__What is expected__:
Scan the material for "Rpower". Copy every line it appears in.

__Data shown__:

(* Let $a>0$, $b>0$, $q\in(0,1)$, and let $\alpha,\beta,t$ be real numbers with $\alpha+\beta t>1$. Then \[ a\gamma - b\ln(1-q) + a\psi(\alpha+\beta t) - b\psi_q(\alpha+\beta t) > 0 . \]
   Context: $\gamma$ denotes the Euler–Mascheroni constant and $\psi(t)=\Gamma'(t)/\Gamma(t)$ is the digamma function for $t>0$, where $\Gamma$ is Euler's Gamma function. For $q\in(0,1)$ and $t>0$, the $q$-Gamma function is $\Gamma_q(t)=(1-q)^{1-t}\prod_{n=1}^{\infty}\frac{1-q^n}{1-q^{t+n}}$, and $\psi_q(t)=\frac{d}{dt}\ln\Gamma_q(t)=\Gamma_q'(t)/\Gamma_q(t)$. *)

From Stdlib Require Import Reals.
From Coquelicot Require Import Coquelicot.
Open Scope R_scope.

Definition euler_gamma : R :=
  real (Lim_seq (fun n => sum_f_R0 (fun k => / INR (S k)) n - ln (INR (S n)))).

Definition Gamma (t : R) : R :=
  RInt_gen (fun x => Rpower x (t - 1) * exp (- x)) (at_right 0) (Rbar_locally p_infty).

Definition digamma (t : R) : R := Derive (fun s => ln (Gamma s)) t.

Fixpoint qGamma_partial (q t : R) (N : nat) : R :=
  match N with
  | O => 1
  | S M => qGamma_partial q t M *
           ((1 - q ^ (S M)) / (1 - Rpower q (t + INR (S M))))
  end.

Definition qGamma (q t : R) : R :=
  Rpower (1 - q) (1 - t) * real (Lim_seq (qGamma_partial q t)).

Definition qdigamma (q t : R) : R := Derive (fun s => ln (qGamma q s)) t.

From Stdlib Require Import Reals Lra Lia.
From Coquelicot Require Import Coquelicot.
Open Scope R_scope.

(* [digamma] and [qdigamma] are Coquelicot derivatives, i.e. [real] of the limit of the difference
   quotients at [x + 1 / (n + 1)]; bounds on these quotients therefore bound them, with no
   differentiability to prove.

   Gamma side: [Gamma] is the limit of the increasing truncated integrals, which gives
   [Gamma (s + 1) = s Gamma s] and, by convexity of [exp], log-convexity of [Gamma].  Comparing
   slopes of [ln Gamma] on [x + N, x + N + 1, x + N + 1 + h] and unrolling the recurrence gives
   [psi x >= ln (x + N) - sum_(k <= N) 1 / (x + k) >= ln (N + 1) - H_(N + 1) + 1 - 1 / x],
   so [gamma + psi x >= 1 - 1 / x > 0] for [x > 1].

   q side: [ln Gamma_q s = (1 - s) ln (1 - q) + ln P s], where every factor of the product [P]
   decreases in [s]; the first factor decreases at a rate bounded below uniformly in [h], so
   [psi_q x < - ln (1 - q)]. *)

Lemma exp_le_exp_compat x y : x <= y -> exp x <= exp y.
Proof.
  intros Hxy; destruct (Rle_lt_or_eq_dec _ _ Hxy) as [Hlt | ->].
  - now apply Rlt_le, exp_increasing.
  - apply Rle_refl.
Qed.

Lemma ln_le_sub_1 y : 0 < y -> ln y <= y - 1.
Proof. intros Hy; pose proof (exp_ineq1_le (ln y)); rewrite exp_ln in *; lra. Qed.

Lemma exp_opp_le_inv w : 0 <= w -> exp (- w) <= / (1 + w).
Proof.
  intros Hw; pose proof (exp_ineq1_le w).
  rewrite exp_Ropp; apply Rinv_le_contravar; lra.
Qed.

Lemma exp_convex l u v : 0 <= l <= 1 ->
  exp (l * u + (1 - l) * v) <= l * exp u + (1 - l) * exp v.
Proof.
  intros Hl; set (m := l * u + (1 - l) * v).
  (* tangent line of [exp] at [m] *)
  assert (Hu : exp m * (1 + (u - m)) <= exp u).
  { replace (exp u) with (exp m * exp (u - m)) by (rewrite <- exp_plus; f_equal; ring).
    apply Rmult_le_compat_l; [apply Rlt_le, exp_pos | apply exp_ineq1_le]. }
  assert (Hv : exp m * (1 + (v - m)) <= exp v).
  { replace (exp v) with (exp m * exp (v - m)) by (rewrite <- exp_plus; f_equal; ring).
    apply Rmult_le_compat_l; [apply Rlt_le, exp_pos | apply exp_ineq1_le]. }
  assert (Hm : l * (exp m * (1 + (u - m))) + (1 - l) * (exp m * (1 + (v - m))) = exp m)
    by (unfold m; ring).
  nra.
Qed.

Lemma real_Lim_seq_bounds (u : nat -> R) l M :
  (forall n, l <= u n <= M) -> l <= real (Lim_seq u) <= M.
Proof.
  intros H.
  assert (Hl : Rbar_le (Lim_seq (fun _ => l)) (Lim_seq u))
    by (apply Lim_seq_le_loc; exists O; intros; apply H).
  assert (HM : Rbar_le (Lim_seq u) (Lim_seq (fun _ => M)))
    by (apply Lim_seq_le_loc; exists O; intros; apply H).
  rewrite Lim_seq_const in Hl, HM.
  destruct (Lim_seq u); simpl in *; try contradiction; lra.
Qed.

(* [0 < c] handles [Lim_seq u = m_infty], for which [real] returns [0]. *)
Lemma real_Lim_seq_lt (u : nat -> R) d c :
  (forall n, u n <= d) -> d < c -> 0 < c -> real (Lim_seq u) < c.
Proof.
  intros H Hdc Hc.
  assert (Hd : Rbar_le (Lim_seq u) (Lim_seq (fun _ => d)))
    by (apply Lim_seq_le_loc; exists O; intros; apply H).
  rewrite Lim_seq_const in Hd.
  destruct (Lim_seq u); simpl in *; try contradiction; lra.
Qed.

Lemma is_lim_seq_le_inv_INR (u : nat -> R) C :
  (forall n, 0 <= u n <= C / (INR n + 1)) -> is_lim_seq u 0.
Proof.
  intros H; apply is_lim_seq_le_le with (fun _ => 0) (fun n => C / (INR n + 1)).
  - exact H.
  - apply is_lim_seq_const.
  - replace (Finite 0) with (Rbar_mult C 0) by (simpl; f_equal; ring).
    apply (is_lim_seq_scal_l (fun n => / (INR n + 1)) C 0).
    replace (Finite 0) with (Rbar_inv p_infty) by reflexivity.
    apply is_lim_seq_inv; [|discriminate].
    apply (is_lim_seq_plus INR (fun _ => 1) p_infty 1 p_infty).
    + apply is_lim_seq_INR.
    + apply is_lim_seq_const.
    + reflexivity.
Qed.

Lemma Derive_eq_real_Lim_seq f x : Derive f x =
  real (Lim_seq (fun n => (f (x + / (INR n + 1)) - f x) / / (INR n + 1))).
Proof.
  unfold Derive, Lim; f_equal; apply Lim_seq_ext; intros n; simpl.
  now rewrite Rplus_0_l.
Qed.

Lemma inv_INR_succ_bounds n : 0 < / (INR n + 1) <= 1.
Proof.
  pose proof (pos_INR n); split; [apply Rinv_0_lt_compat; lra|].
  rewrite <- Rinv_1; apply Rinv_le_contravar; lra.
Qed.

Lemma Derive_bounds f x l M :
  (forall h, 0 < h <= 1 -> l * h <= f (x + h) - f x <= M * h) -> l <= Derive f x <= M.
Proof.
  intros H; rewrite Derive_eq_real_Lim_seq; apply real_Lim_seq_bounds; intros n.
  pose proof (inv_INR_succ_bounds n) as Hh; destruct (H _ Hh).
  split; [apply Rle_div_r | apply Rle_div_l]; lra.
Qed.

Lemma Derive_lt f x d c :
  (forall h, 0 < h <= 1 -> f (x + h) - f x <= d * h) -> d < c -> 0 < c -> Derive f x < c.
Proof.
  intros H Hdc Hc; rewrite Derive_eq_real_Lim_seq.
  apply (real_Lim_seq_lt _ d); auto; intros n.
  pose proof (inv_INR_succ_bounds n) as Hh; specialize (H _ Hh).
  apply Rle_div_l; lra.
Qed.

Definition Gamma_integrand (s x : R) : R := Rpower x (s - 1) * exp (- x).

Lemma Gamma_integrand_exp s x : 0 < x -> Gamma_integrand s x = exp ((s - 1) * ln x - x).
Proof. intros; unfold Gamma_integrand, Rpower; rewrite <- exp_plus; f_equal; ring. Qed.

Lemma Gamma_integrand_pos s x : 0 < Gamma_integrand s x.
Proof. apply Rmult_lt_0_compat; apply exp_pos. Qed.

Lemma continuous_Gamma_integrand s x : 0 < x -> continuous (Gamma_integrand s) x.
Proof.
  intros Hx; apply (ex_derive_continuous (K := R_AbsRing) (V := R_NormedModule)).
  unfold Gamma_integrand, Rpower; auto_derive; lra.
Qed.

Lemma ex_RInt_Gamma_integrand s a b : 0 < a -> 0 < b -> ex_RInt (Gamma_integrand s) a b.
Proof.
  intros Ha Hb; apply (ex_RInt_continuous (V := R_CompleteNormedModule)).
  intros z Hz; apply continuous_Gamma_integrand.
  assert (0 < Rmin a b) by (apply Rmin_glb_lt; auto); lra.
Qed.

__Solution__:
  RInt_gen (fun x => Rpower x (t - 1) * exp (- x)) (at_right 0) (Rbar_locally p_infty).
           ((1 - q ^ (S M)) / (1 - Rpower q (t + INR (S M))))
  Rpower (1 - q) (1 - t) * real (Lim_seq (qGamma_partial q t)).
Definition Gamma_integrand (s x : R) : R := Rpower x (s - 1) * exp (- x).
Proof. intros; unfold Gamma_integrand, Rpower; rewrite <- exp_plus; f_equal; ring. Qed.
  unfold Gamma_integrand, Rpower; auto_derive; lra.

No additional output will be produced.